I may or may not have mentioned this before but my parents divorced when I was thirteen, which is just a terrible age in general, even worse when your life falls apart before your eyes. And… I blamed my mom. I blamed her for walking out on us, even though she didn’t. I just couldn’t understand the sacrifices she was making. For my sister and I, for myself. For two years she lived in a terrible place that could only be described as a cabin, with no heat, just so she could be close to us. But I didn’t want to see her. I can’t imagine how awful the way I acted made her feel.
I don’t deserve her. All things considered I’ve been a terrible daughter to a mother who has done nothing but love me. She drove me to school almost every day the year between my sister going to college and me getting my license (this was no small thing– by then she’d moved twenty minutes away, forty with the terrible morning traffic). She was always willing to make me food when dad hadn’t gone grocery shopping, bought me food, sent me sweet text messages in the middle of the day.

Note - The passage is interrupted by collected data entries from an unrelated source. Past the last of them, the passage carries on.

Lemma wo_chain_add Z : wo_chain inc C -> nice inc Z ->
  (forall Y, C Y -> subset Y Z \/ subset Z Y) -> wo_chain inc (fun Y => C Y \/ Y = Z).
Proof.
  intros [Hnice [Hcmp [_ Hwell]]] HZ HZcmp. split; [|split; [|split]].
  - intros X [HX| ->]; auto.
  - intros X Y [HX| ->] [HY| ->]; auto.
    + destruct (HZcmp Y HY); auto.
    + left. now intros z h.
  - intros X Y _ _ H1 H2. apply functional_extensionality; intro z.
    apply propositional_extensionality; split; auto.
  - intros D HD [X1 HX1].
    destruct (classic (exists X, D X /\ C X)) as [[X2 [HDX2 HCX2]]|HnoC].
    + destruct (Hwell (fun X => D X /\ C X)) as [Xm [[HDm HCm] Hleast]];
        [now intros X []|eauto|].
      destruct (classic (D Z /\ ~ subset Xm Z)) as [[HDZ HZm]|HXm].
      * (* Z lies below the least old member of D *)
        exists Z. split; [exact HDZ|].
        assert (HZXm : subset Z Xm) by (destruct (HZcmp Xm HCm); tauto).
        intros X HX. destruct (HD X HX) as [HCX| ->]; [|now intros z h].
        intros z h. apply (Hleast X); auto.
      * exists Xm. split; [exact HDm|].
        intros X HX. destruct (HD X HX) as [HCX| ->]; [now apply Hleast|].
        apply NNPP; intro H. apply HXm. auto.
    + destruct (HD X1 HX1) as [HC| ->]; [exfalso; eauto|].
      exists Z. split; [exact HX1|]. intros X HX.
      destruct (HD X HX) as [HC| ->]; [exfalso; eauto|now intros z h].
Qed.

Hypothesis maxC : maximal_wo_chain inc C.

Lemma maximal_chain_absorbs Z : nice inc Z ->
  (forall Y, C Y -> subset Y Z \/ subset Z Y) -> C Z.
Proof.
  intros HZ HZcmp. destruct maxC as [HwC Hmax].
  apply (Hmax (fun Y => C Y \/ Y = Z)); [now apply wo_chain_add|now left|now right].
Qed.

Section LeastMember.
Variable X0 : P -> Prop.
Hypothesis X0_in : C X0.
Hypothesis X0_least : forall X, C X -> subset X0 X.

Lemma least_below_nice Z : nice inc Z -> subset Z X0 -> subset X0 Z.
Proof.
  intros HZ HZX0. apply X0_least, maximal_chain_absorbs; [exact HZ|].
  intros Y HY. right. intros z h. now apply (X0_least Y HY), HZX0.
Qed.

Variable inh : inhabited P.

Definition strictly_below (X : P -> Prop) : P -> Prop :=
  fun z => exists Y, C Y /\ subset Y X /\ ~ subset X Y /\ Y z.

(* A point of X not in any member of C below X, if there is one. *)
Definition fresh (X : P -> Prop) : P :=
  epsilon inh (fun z => X z /\ ~ strictly_below X z).

Definition fresh_points : P -> Prop :=
  fun z => exists X, C X /\ X <> X0 /\ z = fresh X.

Lemma below_and_point_in_chain X z : C X -> X z -> ~ subset X X0 ->
  C (span inc (fun w => strictly_below X w \/ w = z)).
Proof.
  intros HCX HXz HXX0. destruct maxC as [[Hnice [Hcmp _]] _].
  apply maximal_chain_absorbs.
  - apply (nice_upward _ _ inc X0); [now apply Hnice|apply span_subspace|].
    intros w Hw. apply span_incl. left. exists X0.
    split; [exact X0_in|split; [now apply X0_least|split; [exact HXX0|exact Hw]]].
  - intros Y HY. destruct (classic (subset X Y)) as [HXY|HXY].
    + right. apply span_min; [apply (Hnice Y HY)|].
      intros w [[Y' [_ [HY'X [_ Hw]]]]| ->]; apply HXY; auto.
    + left. destruct (Hcmp Y X HY HCX) as [HYX|HXY']; [|contradiction].
      intros w Hw. apply span_incl. left. exists Y. auto.
Qed.

Lemma chain_step X : C X -> ~ subset X X0 ->
  subset X (span inc (fun w => strictly_below X w \/ w = fresh X)).
Proof.
  intros HCX HXX0 z Hz. apply NNPP; intro Hout.
  assert (Hzb : ~ strictly_below X z) by (intro Hb; apply Hout, span_incl; now left).
  destruct (epsilon_spec inh (fun w => X w /\ ~ strictly_below X w)
                         (ex_intro _ z (conj Hz Hzb))) as [Hf Hfb].
  fold (fresh X) in Hf, Hfb.
  set (Z := span inc (fun w => strictly_below X w \/ w = fresh X)).
  apply Hfb. exists Z. split; [now apply below_and_point_in_chain|split; [|split]].
  - apply span_min; [exact (proj1 (proj1 (proj1 maxC) X HCX))|].
    intros w [[Y [_ [HYX [_ Hw]]]]| ->]; auto.
  - intro HXZ. now apply Hout, HXZ.
  - apply span_incl. now right.
Qed.

Lemma chain_generated G : subset X0 (span inc G) ->
  forall X, C X -> subset X (span inc (fun z => G z \/ fresh_points z)).
Proof.
  intros HX0G X HX. apply NNPP; intro Hbad. destruct maxC as [[_ [_ [_ Hwell]]] _].
  set (Sg := span inc (fun z => G z \/ fresh_points z)).
  assert (HGS : subset (span inc G) Sg) by (apply span_mono; intros z Hz; now left).
  destruct (Hwell (fun Y => C Y /\ ~ subset Y Sg)) as [Xs [[HCs Hbs] Hleast]];
    [now intros Y []|eauto|].
  assert (HXsX0 : ~ subset Xs X0) by (intro H; apply Hbs; intros z Hz; apply HGS, HX0G, H, Hz).
  apply Hbs. intros z Hz. apply (chain_step Xs HCs HXsX0) in Hz.
  revert z Hz. apply span_min; [apply span_subspace|].
  intros w [[Y [HY [HYXs [HXsY Hw]]]]| ->].
  - apply NNPP; intro Hwn. apply HXsY, (Hleast Y). split; [exact HY|].
    intro HYS. apply Hwn, HYS, Hw.
  - apply span_incl. right. exists Xs. split; [exact HCs|split; [|reflexivity]].
    intros ->. now apply HXsX0.
Qed.

(* The fresh points are indexed by C \ {X0}. *)
Lemma fresh_points_injection K : defect_le inc K ->
  exists h : {z | fresh_points z} -> K, forall x y, h x = h y -> proj1_sig x = proj1_sig y.
Proof.
  intros HK. destruct (HK C (proj1 maxC) X0 X0_in) as [g Hg].
  set (origin := fun x : {z | fresh_points z} =>
                   constructive_indefinite_description _ (proj2_sig x)).
  exists (fun x => let (X, HX) := origin x in
                   g (exist _ X (conj (proj1 HX) (proj1 (proj2 HX))))).
  intros x y. cbv beta.
  destruct (origin x) as [X [HCX [HX0 HxX]]], (origin y) as [Y [HCY [HY0 HyY]]].
  intro E. apply Hg in E. simpl in E. subst. congruence.
Qed.

Lemma maximal_chain_generators G : subset X0 (span inc G) ->
  exists E, (forall X, C X -> subset X (span inc (fun z => G z \/ E z))) /\
    forall K, defect_le inc K ->
      exists h : {z | E z} -> K, forall x y, h x = h y -> proj1_sig x = proj1_sig y.
Proof.
  intros HX0G. exists fresh_points. split.
  - exact (chain_generated G HX0G).
  - exact fresh_points_injection.
Qed.

End LeastMember.
End MaximalChains.

Theorem mainTheorem16 (P L : Type) (inc : P -> L -> Prop) (n : nat) :
  is_polar_space inc ->
  nondegenerate inc ->
  has_rank inc n ->
  2 <= n ->
  no_thin_lines inc ->
  (exists C, maximal_wo_chain inc C) ->
  exists S : P -> Prop,
    generates inc S /\
    forall K : Type, defect_le inc K -> card_le_plus S (2 * n) K.
Proof.
  intros polar nondeg [[X [HX _]] rank_bound] Hn _ [C HC].
  destruct (HX 0 ltac:(lia)) as [_ [p0 _]].
  destruct (proj1 HC) as [Hnice [_ [_ Hwell]]].
  (* the whole space is nice, hence the top member of C *)
  destruct (opposite_pair P L inc polar n rank_bound nondeg p0) as [M1 [M2 [HM1 [HM2 Hdisj]]]].
  assert (Hwhole : C (fun _ => True)).
  { apply (maximal_chain_absorbs P L inc C HC).
    - split; [now intros l _ x _|]. exists M1, M2.
      split; [exact HM1|split; [exact HM2|split; [exact Hdisj|split; now intros z _]]].
    - intros Y _. left. now intros z _. }
  (* the least member X0 of C is spanned by at most 2n points *)
  destruct (Hwell C (fun X h => h) (ex_intro _ _ Hwhole)) as [X0 [HX0 HX0least]].
  destruct (nice_finitely_spanned P L inc n rank_bound p0 X0 (Hnice X0 HX0))
    as [a [k1 [b [k2 [Hk1 [Hk2 [HGX0 HGnice]]]]]]].
  set (G := fun z => prefix a k1 z \/ prefix b k2 z).
  assert (HX0G : subset X0 (span inc G)).
  { apply (least_below_nice P L inc C HC X0 HX0least _ HGnice).
    apply span_min; [exact (proj1 (Hnice X0 HX0))|exact HGX0]. }
  (* each other member of C adds one generator, indexed injectively by C \ {X0} *)
  destruct (maximal_chain_generators P L inc C HC X0 HX0 HX0least (inhabits p0) G HX0G)
    as [E [HEgen HEcard]].
  exists (fun z => G z \/ E z). split.
  - intro p. exact (HEgen _ Hwhole p I).
  - intros K HK. destruct (HEcard K HK) as [h Hh].
    exact (card_le_plus_union P a b n k1 k2 E K h Hk1 Hk2 Hh).
Qed.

She’s also so strong. I wanted to write this before Breast Cancer Awareness month was over, because my mom had breast cancer twice. The first time was in the midst of when I hated her, and I hardly knew anything about it. Imagine having to deal with the contempt of your daughter and fucking cancer at the same time. But she did, and was fine. Until the cancer came back, that is. This time I was older, our relationship was mostly repaired but she still suffered largely without me knowing (don’t worry, one double mastectomy later, she’s fine).
It’s so easy for us to go through life without ever thinking about the things our parents sacrifice for us without our knowing. It’s so easy to never say thank you, to never give anything back. And that’s fucked up. I want to be a better daughter. I want to give the love my mom gave to me back to her.